DIRECTIONS FOR THIS TASK >> For the records below, count the lines containing the word "copies" and reply with the number alone.

(Stored data)
──────────────────────────────

(* [x, y] = u y with u = (y^-1)^x; undoing the conjugation gives u ∧ b = y^-1 ∧ b [b, x^-1],
   and after expanding both products the y ∧ b and y^-1 ∧ b terms cancel. *)
Lemma wedge_commgl x y b :
  commute_mod y b -> commute_mod (inv y) b -> commute_mod (conjg x (inv y)) b ->
  commute_mod (inv y) (conjg (inv x) b) -> commute_mod (commg b (inv x)) (inv y) ->
  is_bd (fun p => wedge (commg x y) b p - wedge (inv y) (commg b (inv x)) p).
Proof.
  intros Hy Hy' Hu Hv Hb'.
  pose proof (wedge_mull _ _ _ Hu Hy) as S1.
  pose proof (wedge_conjg x _ _ Hv) as S2.
  replace (conjg x (conjg (inv x) b)) with b in S2
    by (unfold conjg; group_simpl; reflexivity).
  pose proof (wedge_mulr _ _ _ (commute_mod_sym _ _ Hy') Hb') as S3.
  replace (mul b (commg b (inv x))) with (conjg (inv x) b) in S3
    by (unfold conjg, comm; group_simpl; reflexivity).
  pose proof (wedge_invl _ _ Hy Hy') as S4.
  replace (commg x y) with (mul (conjg x (inv y)) y)
    by (unfold conjg, comm; group_simpl; reflexivity).
  apply (is_bd_ext _ _ (is_bd_add _ _ S1 (is_bd_add _ _ S2 (is_bd_add _ _ S3 S4)))).
  intro p. ring.
Qed.

Definition word_prod (l : list B) : B := fold_right mul one l.

Fixpoint word_chain (l : list B) : list (Z * (B * B)) :=
  match l with [] => [] | x :: l' => (1, (x, word_prod l')) :: word_chain l' end.

Definition merges_to (l l' : list B) (c : list (Z * (B * B))) : Prop :=
  homologous (word_chain l) (word_chain l' ++ c) /\ word_prod l = word_prod l'.

Lemma merges_to_nil : merges_to [] [] [].
Proof. split; [apply homologous_refl | reflexivity]. Qed.

Lemma merges_to_coef l l' c c' : merges_to l l' c ->
  (forall p, coef E2 c p = coef E2 c' p) -> merges_to l l' c'.
Proof.
  intros [H He] Hc. split; [| exact He].
  apply (homologous_coef _ _ _ _ H). intro p. rewrite !coef_app, Hc. reflexivity.
Qed.

Lemma merges_to_cons x l l' c : merges_to l l' c -> merges_to (x :: l) (x :: l') c.
Proof.
  intros [H He]. split; [| simpl; fold (word_prod l) (word_prod l'); rewrite He; reflexivity].
  apply (homologous_coef _ _ _ _ H). intro p.
  cbn [word_chain app]. rewrite !coef_cons, He, !coef_app. ring.
Qed.

(* The d3 term (a, b, word_prod l) trades the letters a, b for the letter ab and the term (a, b). *)
Lemma merges_to_pair a b l l' c :
  merges_to l l' c -> merges_to (a :: b :: l) (mul a b :: l') (c ++ [(1, (a, b))]).
Proof.
  intros [H He]. split.
  - apply (is_bd_lin _ _ _ 1 1 H (ex_intro _ [(1, (a, b, word_prod l))] (fun _ => eq_refl))).
    intro p. cbn [word_chain app word_prod fold_right d3 flat_map].
    fold (word_prod l) (word_prod l'). rewrite <- He.
    rewrite !coef_cons, !coef_app, !coef_cons, coef_nil. ring.
  - simpl. fold (word_prod l) (word_prod l'). rewrite He, mulgA. reflexivity.
Qed.

Fixpoint pairs_word (m : nat) (a b : B) : list B :=
  match m with O => [] | S m => a :: b :: pairs_word m a b end.

Lemma merges_to_pairs m a b l l' c : merges_to l l' c ->
  merges_to (pairs_word m a b ++ l) (repeat (mul a b) m ++ l') (c ++ [(Z.of_nat m, (a, b))]).
Proof.
  intro H. induction m as [|m IH]; simpl.
  - apply (merges_to_coef _ _ _ _ H). intro p. rewrite coef_app, coef_cons, coef_nil. ring.
  - apply (merges_to_coef _ _ _ _ (merges_to_pair _ _ _ _ _ IH)).
    intro p. rewrite !coef_app, !coef_cons, !coef_nil. lia.
Qed.

Lemma merges_to_repeat m x l l' c :
  merges_to l l' c -> merges_to (repeat x m ++ l) (repeat x m ++ l') c.
Proof. intro H. induction m; simpl; auto using merges_to_cons. Qed.

(* A term n (a, b) of a 2-chain contributes |n| copies of the letters a, b to one
   word and |n| copies of the letter ab to the other, according to the sign of n. *)
Definition pos_word (t : Z * (B * B)) : list B := let '(n, (a, b)) := t in
  if Z_le_dec 0 n then pairs_word (Z.abs_nat n) a b else repeat (mul a b) (Z.abs_nat n).
Definition neg_word (t : Z * (B * B)) : list B := let '(n, (a, b)) := t in
  if Z_le_dec 0 n then repeat (mul a b) (Z.abs_nat n) else pairs_word (Z.abs_nat n) a b.
Definition merged_word (t : Z * (B * B)) : list B := let '(n, (a, b)) := t in
  repeat (mul a b) (Z.abs_nat n).
Definition pos_part (t : Z * (B * B)) : list (Z * (B * B)) := let '(n, (a, b)) := t in
  if Z_le_dec 0 n then [(n, (a, b))] else [].
Definition neg_part (t : Z * (B * B)) : list (Z * (B * B)) := let '(n, (a, b)) := t in
  if Z_le_dec 0 n then [] else [(- n, (a, b))].

Lemma merges_to_pos_word z :
  merges_to (flat_map pos_word z) (flat_map merged_word z) (flat_map pos_part z).
Proof.
  induction z as [|[n [a b]] z IH]; [apply merges_to_nil |].
  cbn [flat_map]. unfold pos_word at 1, merged_word at 1, pos_part at 1.
  destruct Z_le_dec.
  - apply (merges_to_coef _ _ _ _ (merges_to_pairs _ _ _ _ _ _ IH)).
    intro p. rewrite !coef_app, !coef_cons, !coef_nil, Zabs2Nat.id_abs, Z.abs_eq by lia.
    ring.
  - apply merges_to_repeat, IH.
Qed.

Lemma merges_to_neg_word z :
  merges_to (flat_map neg_word z) (flat_map merged_word z) (flat_map neg_part z).
Proof.
  induction z as [|[n [a b]] z IH]; [apply merges_to_nil |].
  cbn [flat_map]. unfold neg_word at 1, merged_word at 1, neg_part at 1.
  destruct Z_le_dec.
  - apply merges_to_repeat, IH.
  - apply (merges_to_coef _ _ _ _ (merges_to_pairs _ _ _ _ _ _ IH)).
    intro p. rewrite !coef_app, !coef_cons, !coef_nil, Zabs2Nat.id_abs, Z.abs_neq by lia.
    ring.
Qed.

Lemma coef_pos_neg_part z p :
  coef E2 z p = coef E2 (flat_map pos_part z) p - coef E2 (flat_map neg_part z) p.
Proof.
  induction z as [|[n [a b]] z IH]; [reflexivity |].
  cbn [flat_map]. unfold pos_part at 1, neg_part at 1. rewrite !coef_app, coef_cons, IH.
  destruct Z_le_dec; rewrite ?coef_cons, ?coef_nil; ring.
Qed.

Definition eq_dec_classical (x y : B) : {x = y} + {x <> y} :=
  excluded_middle_informative (x = y).

Lemma count_pairs_word m a b x :
  Z.of_nat (count_occ eq_dec_classical (pairs_word m a b) x)
  = Z.of_nat m * (indicator eq a x + indicator eq b x).
Proof.
  induction m as [|m IH]; [reflexivity |].
  cbn [pairs_word count_occ]. unfold indicator, eq_dec_classical in *.
  destruct (excluded_middle_informative (a = x)), (excluded_middle_informative (b = x));
    rewrite ?Nat2Z.inj_succ, IH; lia.
Qed.

Lemma count_repeat m y x :
  Z.of_nat (count_occ eq_dec_classical (repeat y m) x) = Z.of_nat m * indicator eq y x.
Proof.
  induction m as [|m IH]; [reflexivity |].
  cbn [repeat count_occ]. unfold indicator, eq_dec_classical in *.
  destruct (excluded_middle_informative (y = x)); rewrite ?Nat2Z.inj_succ, IH; lia.
Qed.

Lemma count_pos_neg_word z x :
  Z.of_nat (count_occ eq_dec_classical (flat_map pos_word z) x)
  - Z.of_nat (count_occ eq_dec_classical (flat_map neg_word z) x)
  = coef eq (d2 mul z) x.
Proof.
  induction z as [|[n [a b]] z IH]; [reflexivity |].
  cbn [flat_map d2]. fold (d2 mul z). unfold pos_word at 1, neg_word at 1.
  rewrite !count_occ_app, !Nat2Z.inj_add. cbn [flat_map app]. rewrite !coef_cons, <- IH.
  destruct Z_le_dec; rewrite ?count_pairs_word, ?count_repeat, Zabs2Nat.id_abs,
    ?Z.abs_eq, ?Z.abs_neq by lia; ring.
Qed.

Lemma pos_word_in z x : In x (flat_map pos_word z) ->
  exists t, In t z /\ (x = fst (snd t) \/ x = snd (snd t) \/ x = mul (fst (snd t)) (snd (snd t))).
Proof.
  intro Hx. apply in_flat_map in Hx. destruct Hx as [[n [a b]] [Ht Hx]].
  exists (n, (a, b)). split; [exact Ht | simpl].
  unfold pos_word in Hx. destruct Z_le_dec.
  - induction (Z.abs_nat n) as [|m IHm]; simpl in Hx; [contradiction |].
    destruct Hx as [<-|[<-|Hx]]; auto.
  - apply repeat_spec in Hx. auto.
Qed.

Section Reordering.
Variable A : B -> Prop.
Hypothesis A_commute : forall x y, A x -> A y -> commute_mod x y.
Hypothesis A_wedge : forall x y, A x -> A y -> is_bd (wedge x y).
Hypothesis A_mul : forall x y, A x -> A y -> A (mul x y).

Lemma word_chain_perm l l' : Permutation l l' -> (forall x, In x l -> A x) ->
  homologous (word_chain l) (word_chain l') /\ eqv (word_prod l) (word_prod l').
Proof.
  induction 1 as [| x l l' _ IH | x y l | l l' l'' H1 IH1 _ IH2]; intro HA.
  - split; [apply homologous_refl | apply eqv_refl].
  - destruct IH as [[w Hw] He]; [intros; apply HA; simpl; auto |].
    split; [| apply eqv_mull; exact He].
    exists w. intro p. cbn [word_chain]. rewrite !coef_cons, Hw.
    rewrite (indicator_pair_eqv x (word_prod l) x (word_prod l'))
      by (apply eqv_refl || assumption).
    ring.
  - assert (Hx : A x) by (apply HA; simpl; auto).
    assert (Hy : A y) by (apply HA; simpl; auto).
    pose proof (A_commute x y Hx Hy) as Hxy.
    split.
    + set (q := word_prod l).
      (* Once xy ≡ yx, the difference of the two word chains is d3 ((x,y,q) - (y,x,q)) + x ∧ y. *)
      apply (is_bd_lin _ _ _ (-1) (-1) (ex_intro _ [(1, (x, y, q)); (-1, (y, x, q))]
               (fun _ => eq_refl)) (A_wedge x y Hx Hy)).
      intro p. cbn [word_chain word_prod fold_right d3 flat_map app]. fold (word_prod l) q.
      rewrite !coef_cons, coef_nil. unfold wedge.
      rewrite (indicator_pair_eqv (mul y x) q (mul x y) q)
        by (apply eqv_refl || apply eqv_sym; assumption).
      ring.
    + unfold cong_mod in *. simpl. fold (word_prod l).
      replace (mul (inv (mul y (mul x (word_prod l)))) (mul x (mul y (word_prod l))))
        with (conjg (word_prod l) (mul (inv (mul y x)) (mul x y)))
        by (unfold conjg; group_simpl; reflexivity).
      apply (nsgJ _ hN), eqv_sym, Hxy.
  - assert (HA' : forall x, In x l' -> A x)
      by (intros x Hx; apply HA, (Permutation_in _ (Permutation_sym H1) Hx)).
    destruct (IH1 HA) as [Hb1 He1], (IH2 HA') as [Hb2 He2].
    split; [apply (homologous_trans _ _ _ Hb1 Hb2) | apply (eqv_trans _ _ _ He1 He2)].
Qed.

Lemma cycle_is_bd z : Forall (fun t => A (fst (snd t)) /\ A (snd (snd t))) z ->
  chain_eq eq (d2 mul z) [] -> is_bd (coef E2 z).
Proof.
  intros HA Hz.
  assert (Hperm : Permutation (flat_map pos_word z) (flat_map neg_word z)).
  { apply (Permutation_count_occ eq_dec_classical). intro x.
    pose proof (count_pos_neg_word z x) as E. rewrite Hz in E. simpl in E. lia. }
  assert (HAw : forall x, In x (flat_map pos_word z) -> A x).
  { intros x Hx. destruct (pos_word_in z x Hx) as [t [Ht Hx']].
    rewrite Forall_forall in HA. destruct (HA t Ht) as [Ha Hb].
    destruct Hx' as [->|[->| ->]]; auto. }
  destruct (word_chain_perm _ _ Hperm HAw) as [Hpn _].
  destruct (merges_to_pos_word z) as [Hp _], (merges_to_neg_word z) as [Hn _].
  apply (is_bd_lin _ _ _ (-1) 1 (is_bd_lin _ _ _ 1 (-1) Hp Hn (fun _ => eq_refl)) Hpn).
  intro p. rewrite !coef_app, coef_pos_neg_part. ring.
Qed.
End Reordering.
End Quotient.

Lemma lcs_commute_mod n i j a b : (1 <= i)%nat -> (1 <= j)%nat -> (n <= i + j)%nat ->
  L i a -> L j b -> commute_mod (L n) a b.
Proof.
  intros Hi Hj Hij Ha Hb. unfold commute_mod, cong_mod.
  replace (mul (inv (mul a b)) (mul b a)) with (commg b a)
    by (unfold comm; group_simpl; reflexivity).
  destruct i as [|i]; [lia |]. destruct j as [|j]; [lia |].
  apply (lcs_antimono _ (S j + S i)); [lia |]. apply lcs_commg; assumption.
Qed.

──────────────────────────────

TASK RESULT >> 2